Computershare agrees to pay Provider an agreed annual fixed rate, payable quarterly via ACH unless otherwise agreed to in the Order Form. Provider acknowledges that Computershare reserves the right to negotiate service fees 90 days in advance of any renewal term if provided in writing by Provider. Service fees will be reviewed annually and adjusted as needed. Specific fees, terms, and any adjustments will be detailed in an Order Form provided by Computershare, which will be linked on our website and incorporated herein by reference.
Neither party shall be liable for any failure to perform due to unforeseen events beyond their control, such as natural disasters, war, acts of government in its sovereign or contractual capacity, acts of public enemy or terrorists, acts of civil or military authority, war, riots, civil strife, terrorism, blockades, sabotage, rationing, embargoes, epidemics, pandemics, outbreaks of infectious diseases or any other public health crisis, earthquakes, fire, flood, other natural disaster, quarantine or any other employee restrictions, power shortages or failures, utility or communication failure or delays, labor disputes, strikes, or shortages, supply shortages, equipment failures, or software malfunction.
Computershare may audit Provider’s compliance with this Agreement upon reasonable notice. Audits may include review of logs, staffing, training, document handling, and retention practices. Provider shall cooperate fully. Material noncompliance requires remediation at Provider’s expense, and Corporate Creations may recover reasonable audit costs.

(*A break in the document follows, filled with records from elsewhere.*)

(* Let $u_1=(1,0)$, $u_2=(0,1)$, $u_3=(-1,-1)$ in $\mathbb{Z}^2$, $S=\{u_1,u_2,u_3\}$, $P_{u_i}=P_i$ ($i=1,2,3$) the orthogonal projection of $\mathbb{C}^3$ onto $\mathbb{C}\mathbf{e}_i$, $\mathcal{S}=\sum_{i=1}^3\tau^{u_i}P_{u_i}$ and $G_3=\frac23J-I$ with $J$ the $3\times3$ all-ones matrix. Then the unitary operator $\mathcal{S}^*G_3\mathcal{S}G_3$ on $\ell^2(\mathbb{Z}^2,\mathbb{C}^3)$ has eigenvalue $1$.
   Context: $(\tau^\alpha f)(x)=f(x-\alpha)$ on $\ell^2(\mathbb{Z}^2,\mathbb{C}^3)$; $G_3$ acts pointwise; $\mathbf{e}_1,\mathbf{e}_2,\mathbf{e}_3$ is the standard basis of $\mathbb{C}^3$. Eigenvalue means point spectrum. *)

From Stdlib Require Import Reals ZArith List.
Open Scope R_scope.

Record Cplx := mkC { re : R; im : R }.
Definition Cadd (a b : Cplx) : Cplx := mkC (re a + re b) (im a + im b).
Definition Csub (a b : Cplx) : Cplx := mkC (re a - re b) (im a - im b).
Definition Cscal (r : R) (a : Cplx) : Cplx := mkC (r * re a) (r * im a).
Definition C0 : Cplx := mkC 0 0.
Definition Cnorm2 (a : Cplx) : R := re a * re a + im a * im a.

Inductive idx3 := i1 | i2 | i3.

Definition C3 := idx3 -> Cplx.
Definition field := (Z * Z)%type -> C3.

Definition u (i : idx3) : Z * Z :=
  match i with i1 => (1, 0)%Z | i2 => (0, 1)%Z | i3 => ((-1), (-1))%Z end.

Definition zadd (a b : Z * Z) : Z * Z := (fst a + fst b, snd a + snd b)%Z.
Definition zsub (a b : Z * Z) : Z * Z := (fst a - fst b, snd a - snd b)%Z.

Definition tau (alpha : Z * Z) (f : field) : field := fun x => f (zsub x alpha).

Definition Pj (i : idx3) (v : C3) : C3 :=
  fun j => match i, j with
           | i1, i1 | i2, i2 | i3, i3 => v j
           | _, _ => C0 end.

Definition fadd (f g : field) : field := fun x j => Cadd (f x j) (g x j).

Definition Sop (f : field) : field :=
  fadd (tau (u i1) (fun x => Pj i1 (f x)))
    (fadd (tau (u i2) (fun x => Pj i2 (f x)))
          (tau (u i3) (fun x => Pj i3 (f x)))).

(* Its adjoint S^* = sum_i P_{u_i} tau^{-u_i}. *)
Definition Sadj (f : field) : field :=
  fadd (fun x => Pj i1 (f (zadd x (u i1))))
    (fadd (fun x => Pj i2 (f (zadd x (u i2))))
          (fun x => Pj i3 (f (zadd x (u i3))))).

Definition G3 (v : C3) : C3 :=
  fun j => Csub (Cscal (2/3) (Cadd (v i1) (Cadd (v i2) (v i3)))) (v j).
Definition Gop (f : field) : field := fun x => G3 (f x).

Definition Uop (f : field) : field := Sadj (Gop (Sop (Gop f))).

Definition C3norm2 (v : C3) : R := Cnorm2 (v i1) + Cnorm2 (v i2) + Cnorm2 (v i3).

(* Membership in l^2(Z^2, C^3): the nonnegative family |f(x)|^2 is summable,
   i.e. its sums over finite sets of distinct points are uniformly bounded. *)
Definition in_l2 (f : field) : Prop :=
  exists B : R, forall l : list (Z * Z), NoDup l ->
    fold_right (fun x acc => C3norm2 (f x) + acc) 0 l <= B.

Definition has_eigenvalue_one (T : field -> field) : Prop :=
  exists f : field, in_l2 f /\ (exists x j, f x j <> C0) /\ T f = f.

(* The vector f with f(u_j) = sum_i a_ij e_i, for the antisymmetric matrix a with
   a_12 = a_23 = a_31 = 1, is a finitely supported eigenvector.  The columns of a sum
   to zero, so f(x) lies in the plane x_1 + x_2 + x_3 = 0, on which G_3 = -1.  The
   i-th component of (S f)(x) is f(x - u_i)_i = sum_j [x = u_i + u_j] a_ij, and the
   condition x = u_i + u_j is symmetric in i, j while a is antisymmetric, so S f takes
   values in that plane as well.  Hence U f = S^* (-1) S (-1) f = S^* S f = f. *)

From Stdlib Require Import Reals ZArith List.
From Stdlib Require Import Lra Lia FunctionalExtensionality.
Open Scope R_scope.

Definition lsum {A : Type} (g : A -> R) (l : list A) : R :=
  fold_right (fun x acc => g x + acc) 0 l.

Section FiniteSums.
Variables (A : Type) (eq_dec : forall x y : A, {x = y} + {x <> y}).
Variable g : A -> R.
Hypothesis g_ge0 : forall x, 0 <= g x.

Definition drop_all (a : A) (l : list A) : list A :=
  filter (fun y => if eq_dec a y then false else true) l.

Lemma lsum_le_drop_all (a : A) (l : list A) :
  NoDup l -> lsum g l <= g a + lsum g (drop_all a l).
Proof.
  induction 1 as [|x l x_notin_l _ IH]; simpl; [pose proof (g_ge0 a); lra|].
  destruct (eq_dec a x) as [<-|_]; simpl.
  - unfold drop_all; rewrite forallb_filter_id; [lra|].
    apply forallb_forall; intros y y_in.
    destruct (eq_dec a y) as [->|]; [contradiction|reflexivity].
  - lra.
Qed.

Lemma lsum_le_support (s l : list A) :
  NoDup l -> (forall x, In x l -> ~ In x s -> g x = 0) -> lsum g l <= lsum g s.
Proof.
  revert l; induction s as [|a s IH]; intros l nodup_l support.
  - induction l as [|x l IHl]; simpl; [lra|].
    inversion nodup_l; subst.
    rewrite support by (simpl; tauto).
    assert (lsum g l <= 0) by (apply IHl; auto; intros; apply support; simpl; tauto).
    lra.
  - simpl; eapply Rle_trans; [exact (lsum_le_drop_all a l nodup_l)|].
    apply Rplus_le_compat_l, IH; [now apply NoDup_filter|].
    intros x x_in x_notin; apply filter_In in x_in as [x_in keep].
    destruct (eq_dec a x) as [->|a_neq_x]; [discriminate|].
    apply support; simpl; tauto.
Qed.

End FiniteSums.

Definition zpair_eq_dec : forall x y : Z * Z, {x = y} + {x <> y}.
Proof. decide equality; apply Z.eq_dec. Defined.

Lemma Cnorm2_ge0 (c : Cplx) : 0 <= Cnorm2 c.
Proof. unfold Cnorm2; nra. Qed.

Lemma C3norm2_ge0 (v : C3) : 0 <= C3norm2 v.
Proof.
  unfold C3norm2.
  pose proof (Cnorm2_ge0 (v i1)); pose proof (Cnorm2_ge0 (v i2)); pose proof (Cnorm2_ge0 (v i3)).
  lra.
Qed.

Lemma in_l2_of_finite_support (f : field) (s : list (Z * Z)) :
  (forall x, ~ In x s -> f x = fun _ => C0) -> in_l2 f.
Proof.
  intros support; exists (lsum (fun x => C3norm2 (f x)) s); intros l nodup_l.
  apply (lsum_le_support _ zpair_eq_dec); [intros; apply C3norm2_ge0|exact nodup_l|].
  intros x _ x_notin; rewrite (support x x_notin).
  unfold C3norm2, Cnorm2, C0; simpl; lra.
Qed.

Lemma Cadd_C0_l (c : Cplx) : Cadd C0 c = c.
Proof. destruct c; unfold Cadd, C0; simpl; f_equal; ring. Qed.

Lemma Cadd_C0_r (c : Cplx) : Cadd c C0 = c.
Proof. destruct c; unfold Cadd, C0; simpl; f_equal; ring. Qed.

Definition sum3 (v : C3) : Cplx := Cadd (v i1) (Cadd (v i2) (v i3)).

Definition sum_zero (f : field) : Prop := forall x, sum3 (f x) = C0.

Definition fneg (f : field) : field := fun x j => Cscal (-1) (f x j).

Lemma fneg_involutive (f : field) : fneg (fneg f) = f.
Proof.
  apply functional_extensionality; intros x; apply functional_extensionality; intros j.
  unfold fneg, Cscal; destruct (f x j); simpl; f_equal; ring.
Qed.

Lemma sum_zero_fneg (f : field) : sum_zero f -> sum_zero (fneg f).
Proof.
  intros H x; specialize (H x); unfold sum3, fneg, Cadd, Cscal, C0 in *.
  injection H; intros; f_equal; simpl in *; lra.
Qed.

Lemma Gop_sum_zero (f : field) : sum_zero f -> Gop f = fneg f.
Proof.
  intros H; apply functional_extensionality; intros x; apply functional_extensionality; intros j.
  unfold Gop, G3, fneg; fold (sum3 (f x)); rewrite H.
  unfold Csub, Cscal, C0; simpl; f_equal; ring.
Qed.

Lemma Sop_apply (f : field) x i : Sop f x i = f (zsub x (u i)) i.
Proof.
  destruct i; unfold Sop, fadd, tau, Pj; simpl; now rewrite ?Cadd_C0_l, ?Cadd_C0_r.
Qed.

Lemma Sadj_apply (f : field) x i : Sadj f x i = f (zadd x (u i)) i.
Proof.
  destruct i; unfold Sadj, fadd, Pj; simpl; now rewrite ?Cadd_C0_l, ?Cadd_C0_r.
Qed.

Lemma Sadj_Sop (f : field) : Sadj (Sop f) = f.
Proof.
  apply functional_extensionality; intros [a b]; apply functional_extensionality; intros i.
  rewrite Sadj_apply, Sop_apply; unfold zadd, zsub; simpl; now rewrite !Z.add_simpl_r.
Qed.

Lemma Sop_fneg (f : field) : Sop (fneg f) = fneg (Sop f).
Proof.
  apply functional_extensionality; intros x; apply functional_extensionality; intros i.
  unfold fneg at 2; now rewrite !Sop_apply.
Qed.

Lemma Uop_fixed_of_sum_zero (f : field) : sum_zero f -> sum_zero (Sop f) -> Uop f = f.
Proof.
  intros Hf HSf; unfold Uop.
  rewrite (Gop_sum_zero f Hf), Sop_fneg, (Gop_sum_zero _ (sum_zero_fneg _ HSf)).
  now rewrite fneg_involutive, Sadj_Sop.
Qed.

Definition rsum3 (h : idx3 -> R) : R := h i1 + h i2 + h i3.

Definition delta (x y : Z * Z) : R := if zpair_eq_dec x y then 1 else 0.

Definition antisymmetric (a : idx3 -> idx3 -> R) : Prop := forall i j, a j i = - a i j.

Definition column_field (a : idx3 -> idx3 -> R) : field :=
  fun x i => mkC (rsum3 (fun j => delta x (u j) * a i j)) 0.

Lemma rsum3_sym_antisym (w a : idx3 -> idx3 -> R) :
  (forall i j, w i j = w j i) -> antisymmetric a ->
  rsum3 (fun i => rsum3 (fun j => w i j * a i j)) = 0.
Proof.
  intros w_sym a_anti; unfold rsum3.
  rewrite (w_sym i2 i1), (w_sym i3 i1), (w_sym i3 i2),
    (a_anti i1 i2), (a_anti i1 i3), (a_anti i2 i3).
  pose proof (a_anti i1 i1); pose proof (a_anti i2 i2); pose proof (a_anti i3 i3).
  nra.
Qed.

Lemma zsub_eq_sym (x y z : Z * Z) : zsub x y = z -> zsub x z = y.
Proof.
  destruct x, y, z; unfold zsub; simpl; intros H; injection H; intros; f_equal; lia.
Qed.

Lemma sum3_real (h : idx3 -> R) : sum3 (fun i => mkC (h i) 0) = mkC (rsum3 h) 0.
Proof. unfold sum3, rsum3, Cadd; simpl; f_equal; ring. Qed.

Lemma sum_zero_column_field (a : idx3 -> idx3 -> R) :
  (forall j, rsum3 (fun i => a i j) = 0) -> sum_zero (column_field a).
Proof.
  intros col_sum x; unfold column_field; rewrite sum3_real; unfold C0; f_equal.
  transitivity (rsum3 (fun j => delta x (u j) * rsum3 (fun i => a i j))).
  - unfold rsum3; ring.
  - unfold rsum3 at 1; rewrite !col_sum; ring.
Qed.

Lemma sum_zero_Sop_column_field (a : idx3 -> idx3 -> R) :
  antisymmetric a -> sum_zero (Sop (column_field a)).
Proof.
  intros a_anti x; unfold sum3; rewrite !Sop_apply.
  change (sum3 (fun i => column_field a (zsub x (u i)) i) = C0).
  unfold column_field; rewrite sum3_real; unfold C0; f_equal.
  apply (rsum3_sym_antisym (fun i j => delta (zsub x (u i)) (u j))); [|exact a_anti].
  intros i j; unfold delta.
  destruct (zpair_eq_dec (zsub x (u i)) (u j)) as [e|],
    (zpair_eq_dec (zsub x (u j)) (u i)) as [e'|]; try reflexivity.
  - now apply zsub_eq_sym in e.
  - now apply zsub_eq_sym in e'.
Qed.

Lemma column_field_support (a : idx3 -> idx3 -> R) x :
  ~ In x (map u (i1 :: i2 :: i3 :: nil)) -> column_field a x = fun _ => C0.
Proof.
  intros x_notin; apply functional_extensionality; intros i.
  unfold column_field, rsum3, delta, C0.
  repeat destruct zpair_eq_dec as [->|]; try (exfalso; apply x_notin, in_map; simpl; tauto).
  f_equal; ring.
Qed.

Definition cyclic3 (i j : idx3) : R :=
  match i, j with
  | i1, i2 | i2, i3 | i3, i1 => 1
  | i2, i1 | i3, i2 | i1, i3 => -1
  | _, _ => 0
  end.

Lemma cyclic3_antisymmetric : antisymmetric cyclic3.
Proof. intros [] []; simpl; ring. Qed.

Lemma cyclic3_col_sum j : rsum3 (fun i => cyclic3 i j) = 0.
Proof. destruct j; unfold rsum3; simpl; ring. Qed.

Lemma column_field_cyclic3_nonzero : column_field cyclic3 (u i1) i2 <> C0.
Proof.
  unfold column_field, rsum3, delta.
  repeat destruct zpair_eq_dec; try discriminate; try contradiction.
  unfold C0; simpl; intros H; injection H; lra.
Qed.

Theorem corollary5p2 : has_eigenvalue_one Uop.
Proof.
  exists (column_field cyclic3); split; [|split].
  - apply (in_l2_of_finite_support _ _ (column_field_support cyclic3)).
  - exists (u i1), i2; exact column_field_cyclic3_nonzero.
  - apply Uop_fixed_of_sum_zero.
    + exact (sum_zero_column_field cyclic3 cyclic3_col_sum).
    + exact (sum_zero_Sop_column_field cyclic3 cyclic3_antisymmetric).
Qed.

Provider shall not subcontract services under this Agreement without prior written consent from Computershare.
All notices under this Agreement shall be delivered in writing to CESNetwork@computershare.com.
Provider shall indemnify, defend, and hold harmless Computershare, their affiliates, and their respective officers, directors, employees, and agents from all claims, losses, damages, liabilities, penalties, costs, and expenses (including reasonable attorney’s fees) arising out of or relating to:
Computershare shall indemnify provider solely to the extent a third-party claim arises from Provider’s compliance with Computershare’s written instructions or materials, provided Provider complied with this Agreement and the claim did not result from Provider’s gross negligence, willful misconduct, or breach of this Agreement.

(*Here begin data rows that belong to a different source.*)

Lemma cdagM (p q r : nat) (A : 'M[R[i]]_(p, q)) (B : 'M[R[i]]_(q, r)) :
  cdag (A *m B) = cdag B *m cdag A.
Proof. by rewrite /cdag map_mxM trmx_mul. Qed.

End Dagger.

Lemma mxderiv2E (R : realType) (p q : nat) (F : R -> 'M[R[i]]_(p, q)) x a b :
  mxderiv (mxderiv F) x a b = cderiv (cderiv (fun v => F v a b)) x.
Proof. by rewrite mxE; congr cderiv; apply/funext => v; rewrite mxE. Qed.

Lemma deriv2_sum_mul_cdag_eq0 (R : realType) (m p q : nat)
    (A : 'I_m -> R -> 'M[R[i]]_(p, q)) (C : 'M[R[i]]_p) x :
  (forall mu j k, twice_cderivable (fun v => A mu v j k)) ->
  (forall v, \sum_(mu < m) A mu v *m cdag (A mu v) = C) ->
  \sum_(mu < m) (mxderiv (mxderiv (A mu)) x *m cdag (A mu x)
     + 2%:R *: (mxderiv (A mu) x *m cdag (mxderiv (A mu) x))
     + A mu x *m cdag (mxderiv (mxderiv (A mu)) x)) = 0.
Proof.
move=> A2 AAC; apply/matrixP => j l.
pose a mu k v := A mu v j k; pose b mu k v := A mu v l k.
pose F mu k v := a mu k v * (b mu k v)^*%C.
have F2 mu k : twice_cderivable (F mu k).
  exact: twice_cderivableM (A2 mu j k) (twice_cderivableJ (A2 mu l k)).
have F2E mu k : cderiv (cderiv (F mu k)) x =
    cderiv (cderiv (a mu k)) x * (b mu k x)^*%C
    + 2 * (cderiv (a mu k) x * (cderiv (b mu k) x)^*%C)
    + a mu k x * (cderiv (cderiv (b mu k)) x)^*%C.
  rewrite (cderiv2M x (A2 mu j k) (twice_cderivableJ (A2 mu l k))).
  by rewrite (cderiv2J x (A2 mu l k)) (cderivJ (A2 mu l k x).1).
have entry_const : (fun v => \sum_(mu < m) \sum_(k < q) F mu k v) = fun _ => C j l.
  apply/funext => v; rewrite -(AAC v) summxE; apply: eq_bigr => mu _.
  by rewrite mxE; apply: eq_bigr => k _; rewrite /F !mxE.
have := cderiv2_sum (index_enum 'I_m) x
  (fun mu => twice_cderivable_sum (index_enum 'I_q) (F2 mu)).
rewrite entry_const !cderiv_cst => /esym sum_eq0.
rewrite summxE [RHS]mxE -[RHS]sum_eq0; apply: eq_bigr => mu _.
rewrite (cderiv2_sum _ _ (F2 mu)) !mxE mulr_sumr -!big_split; apply: eq_bigr => k _ /=.
by rewrite F2E !cdagE !mxderiv2E !mxE.
Qed.

Section Braket.
Variables (R : rcfType) (d : nat) (U : 'M[R[i]]_d).
Hypothesis U_unitary : cdag U *m U = 1%:M.

Lemma cdag_col_mul_col a b : cdag (col a U) *m col b U = (a == b)%:R%:M.
Proof.
apply/matrixP => i j; rewrite (ord1 i) (ord1 j).
have := congr1 (fun A : 'M[R[i]]_d => A a b) U_unitary; rewrite !mxE => <-.
by apply: eq_bigr => k _; rewrite !mxE.
Qed.

Lemma sum_col_mul_cdag_col : \sum_(n < d) col n U *m cdag (col n U) = 1%:M.
Proof.
apply/matrixP => a b; rewrite summxE -(mulmx1C U_unitary) mxE.
by apply: eq_bigr => k _; rewrite !mxE big_ord1 !mxE.
Qed.

Lemma braketD A B a b : braket U (A + B) a b = braket U A a b + braket U B a b.
Proof. by rewrite /braket mulmxDr mulmxDl mxE. Qed.

Lemma braketZ k A a b : braket U (k *: A) a b = k * braket U A a b.
Proof. by rewrite /braket -scalemxAr -scalemxAl mxE. Qed.

Lemma braket_sum (I : Type) (r : seq I) (A : I -> 'M[R[i]]_d) a b :
  braket U (\sum_(i <- r) A i) a b = \sum_(i <- r) braket U (A i) a b.
Proof. by rewrite /braket mulmx_sumr mulmx_suml summxE. Qed.

Lemma braket0 a b : braket U 0 a b = 0.
Proof. by rewrite /braket mulmx0 mul0mx mxE. Qed.

Lemma braket_cdag A a b : braket U (cdag A) a b = (braket U A b a)^*%C.
Proof. by rewrite /braket -cdagE !cdagM cdagK mulmxA. Qed.

Lemma braket_mul_diag A (c : 'I_d -> R[i]) a :
  braket U (A *m \sum_(n < d) c n *: (col n U *m cdag (col n U))) a a =
  c a * braket U A a a.
Proof.
have diag_col : \sum_(n < d) c n *: (col n U *m cdag (col n U)) *m col a U = c a *: col a U.
  rewrite (bigD1 a) //= big1 => [|n /negbTE an].
    by rewrite -scalemxAl -mulmxA cdag_col_mul_col eqxx mulmx1 addr0.
  by rewrite -scalemxAl -mulmxA cdag_col_mul_col an mul_mx_scalar scale0r scaler0.
by rewrite /braket -!mulmxA mulmx_suml diag_col -!scalemxAr mxE mulmxA.
Qed.

Lemma braket_mul_cdag A a :
  braket U (A *m cdag A) a a = \sum_(n < d) braket U A a n * (braket U A a n)^*%C.
Proof.
rewrite -[A in A *m _]mulmx1 -sum_col_mul_cdag_col mulmx_sumr mulmx_suml braket_sum.
apply: eq_bigr => n _; rewrite -braket_cdag /braket.
have -> : cdag (col a U) *m (A *m (col n U *m cdag (col n U)) *m cdag A) *m col a U
    = (cdag (col a U) *m A *m col n U) *m (cdag (col n U) *m cdag A *m col a U).
  by rewrite !mulmxA.
by rewrite mxE big_ord1.
Qed.

End Braket.

Section GeneratorMatrix.
Variables (R : realFieldType) (d : nat) (Q : 'M[R]_d).
Hypotheses (Q_offdiag_ge0 : forall i j, i != j -> 0 <= Q i j)
  (Q_row_sum : forall i, \sum_(j < d) Q i j = 0).

Lemma generator_diagE i : Q i i = - \sum_(j | j != i) Q i j.
Proof. by have /eqP := Q_row_sum i; rewrite (bigD1 i) //= addr_eq0 => /eqP. Qed.

Lemma generator_diag_le0 i : Q i i <= 0.
Proof.
rewrite generator_diagE oppr_le0 sumr_ge0 // => j ji.
by apply: Q_offdiag_ge0; rewrite eq_sym.
Qed.

Lemma generator_trace_lt0 : Q != 0 -> \tr Q < 0.
Proof.
move=> Q_neq0; rewrite lt_neqAle sumr_le0 ?andbT => [|i _]; last exact: generator_diag_le0.
apply: contra Q_neq0 => /eqP trQ0; apply/eqP/matrixP => i j; rewrite mxE.
have diag0 k : Q k k = 0.
  apply/eqP; rewrite -oppr_eq0; apply/eqP.
  apply: (@psumr_eq0P _ _ xpredT (fun k => - Q k k)) => // [l _|].
    by rewrite oppr_ge0 generator_diag_le0.
  by rewrite sumrN -/(\tr Q) trQ0 oppr0.
have [<-|ij] := eqVneq i j; first exact: diag0.
have /eqP := diag0 i; rewrite generator_diagE oppr_eq0 => /eqP offdiag_sum0.
apply: (psumr_eq0P _ offdiag_sum0); last by rewrite eq_sym.
by move=> k ki; apply: Q_offdiag_ge0; rewrite eq_sym.
Qed.

Lemma generator_stochastic_ge0 i j : Q != 0 -> 0 <= (1%:M - (\tr Q)^-1 *: Q) i j.
Proof.
move=> /generator_trace_lt0 trQ_lt0; rewrite !mxE.
have [<-|ij] := eqVneq i j; last first.
  rewrite mulr0n sub0r oppr_ge0 mulr_le0_ge0 ?Q_offdiag_ge0 //.
  by rewrite invr_le0 ltW.
have trQ_le_diag : \tr Q <= Q i i.
  rewrite /mxtrace (bigD1 i) //= gerDl sumr_le0 // => k _; exact: generator_diag_le0.
have trQ_neq0 : \tr Q != 0 by rewrite lt_eqF.
rewrite mulr1n -(mulVf trQ_neq0) -mulrBr mulr_le0 //.
- by rewrite invr_le0 ltW.
- by rewrite subr_le0.
Qed.

Lemma generator_stochastic_row_sum i : \sum_(j < d) (1%:M - (\tr Q)^-1 *: Q) i j = 1.
Proof.
under eq_bigr do rewrite !mxE.
rewrite sumrB -mulr_sumr Q_row_sum mulr0 subr0 (bigD1 i) //= eqxx big1 ?addr0 //.
by move=> j /negbTE ji; rewrite eq_sym ji.
Qed.

End GeneratorMatrix.

Lemma Re_conjc (R : rcfType) (z : R[i]) : complex.Re z^*%C = complex.Re z.
Proof. by case: z. Qed.

Lemma Re_sum_mul_conjc (R : rcfType) (I : Type) (r : seq I) (z : I -> R[i]) :
  complex.Re (\sum_(i <- r) z i * (z i)^*%C) = \sum_(i <- r) cabs2 (z i).
Proof.
rewrite raddf_sum; apply: eq_bigr => i _.
by case: (z i) => a b; rewrite /cabs2 /= mulrN opprK !expr2.
Qed.

Section RateMatrix.
Variables (R : realType) (d m : nat) (M : 'I_m -> R -> 'M[R[i]]_d).
Variables (U : 'M[R[i]]_d) (c : 'I_m -> 'I_d -> R[i]).

Lemma Rmat_offdiag_ge0 n1 n2 : n1 != n2 -> 0 <= Rmat M U c n1 n2.
Proof.
move=> /negbTE n12; rewrite mxE sumr_ge0 // => mu _.
by rewrite n12 mulr0 mul0r addr0 mulr_ge0 // addr_ge0 // sqr_ge0.
Qed.

Variable C : 'M[R[i]]_d.
Hypotheses (M_sum : forall u, \sum_(mu < m) cdag (M mu u) *m M mu u = C)
  (M_C2 : forall mu, C2_mx (M mu)) (U_unitary : cdag U *m U = 1%:M)
  (M0_diag : forall mu, M mu 0 = \sum_(n < d) c mu n *: (col n U *m cdag (col n U))).

Lemma Rmat_row_sum n1 : \sum_(n2 < d) Rmat M U c n1 n2 = 0.
Proof.
pose A mu u := cdag (M mu u).
have A2 mu j k : twice_cderivable (fun v => A mu v j k).
  rewrite /A (_ : (fun v => _) = fun v => (M mu v k j)^*%C).
    exact/twice_cderivableJ/C2_complex_twice_cderivable/M_C2.
  by apply/funext => v; rewrite cdagE.
have AAC v : \sum_(mu < m) A mu v *m cdag (A mu v) = C.
  by rewrite -(M_sum v); apply: eq_bigr => mu _; rewrite cdagK.
have := congr1 (fun X => complex.Re (braket U X n1 n1)) (deriv2_sum_mul_cdag_eq0 0 A2 AAC).
rewrite /= braket0 braket_sum raddf_sum raddf0 => Re_sum_eq0.
rewrite /Rmat -[RHS]Re_sum_eq0; under eq_bigr do rewrite mxE.
rewrite exchange_big; apply: eq_bigr => mu _ /=.
rewrite /A !braketD braketZ cdagK -cdagM braket_cdag.
rewrite M0_diag braket_mul_diag // braket_mul_cdag //.
rewrite mulr_natl mulr2n !raddfD /= Re_conjc Re_sum_mul_conjc.
rewrite big_split /= -mulr_sumr [X in _ + X = _](bigD1 n1) //= eqxx mulr1.
rewrite [X in _ + (_ + X) = _]big1 ?addr0 => [|n2 n12]; first lra.
by rewrite eq_sym (negbTE n12) mulr0 mul0r.
Qed.

End RateMatrix.

Theorem lemma1 (R : realType) (d m : nat) (M : 'I_m -> R -> 'M[R[i]]_d)
  (U : 'M[R[i]]_d) (c : 'I_m -> 'I_d -> R[i]) :
  (0 < d)%N -> (0 < m)%N ->
  (forall u : R, \sum_(mu < m) cdag (M mu u) *m M mu u = 1%:M) ->
  (forall mu, C2_mx (M mu)) ->
  cdag U *m U = 1%:M ->
  (forall mu, M mu 0 = \sum_(n < d) c mu n *: (col n U *m cdag (col n U))) ->
  let Rm := Rmat M U c in
  Rm != 0 ->
  let P := 1%:M - (\tr Rm)^-1 *: Rm in
  \tr Rm != 0 /\
  (forall i j, 0 <= P i j) /\
  (forall i, \sum_(j < d) P i j = 1).
Proof.
move=> _ _ M_sum M_C2 U_unitary M0_diag Rm Rm_neq0 P.
have offdiag_ge0 := Rmat_offdiag_ge0 M U c.
have row_sum := Rmat_row_sum M_sum M_C2 U_unitary M0_diag.
split; first by rewrite lt_eqF // generator_trace_lt0.
split => [i j|i]; first exact: generator_stochastic_ge0.
exact: generator_stochastic_row_sum.
Qed.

This Agreement shall continue until terminated by either party with at least ninety (90) days' written notice. The Initial Term dates for this Agreement will be referenced in the accompanying Order Form. Either party may terminate for cause immediately upon breach of any material term.
Upon the effective date of termination, the Provider will cease to accept Documents (including mail (Certified or Regular)) or Service of Process on behalf of Corporate Creations or United Agent Group or their clients. All mail received after the effective date of termination must be returned to the sender. Any process server attempting to effectuate service with Provider should be rejected and informed that Corporate Creations and/or United Agent Group is no longer accepting service at the Provider's location.
If Provider fails to adhere to agreed service provisions, Computershare reserves the right to terminate this Agreement immediately and seek damages for any resulting losses.
This Agreement shall be governed by and construed in accordance with the laws of the State of New York.
This Agreement constitutes the entire agreement between parties regarding its subject matter and supersedes all prior oral or written agreements or understandings.
Computershare may modify these terms of service from time to time by posting, at the link referenced in the Order, the revised Agreement. Company is responsible for reviewing this Agreement periodically, and continued acceptance of the Services constitutes acknowledgment of and agreement to the terms of service in place at the start of the Renewal Term.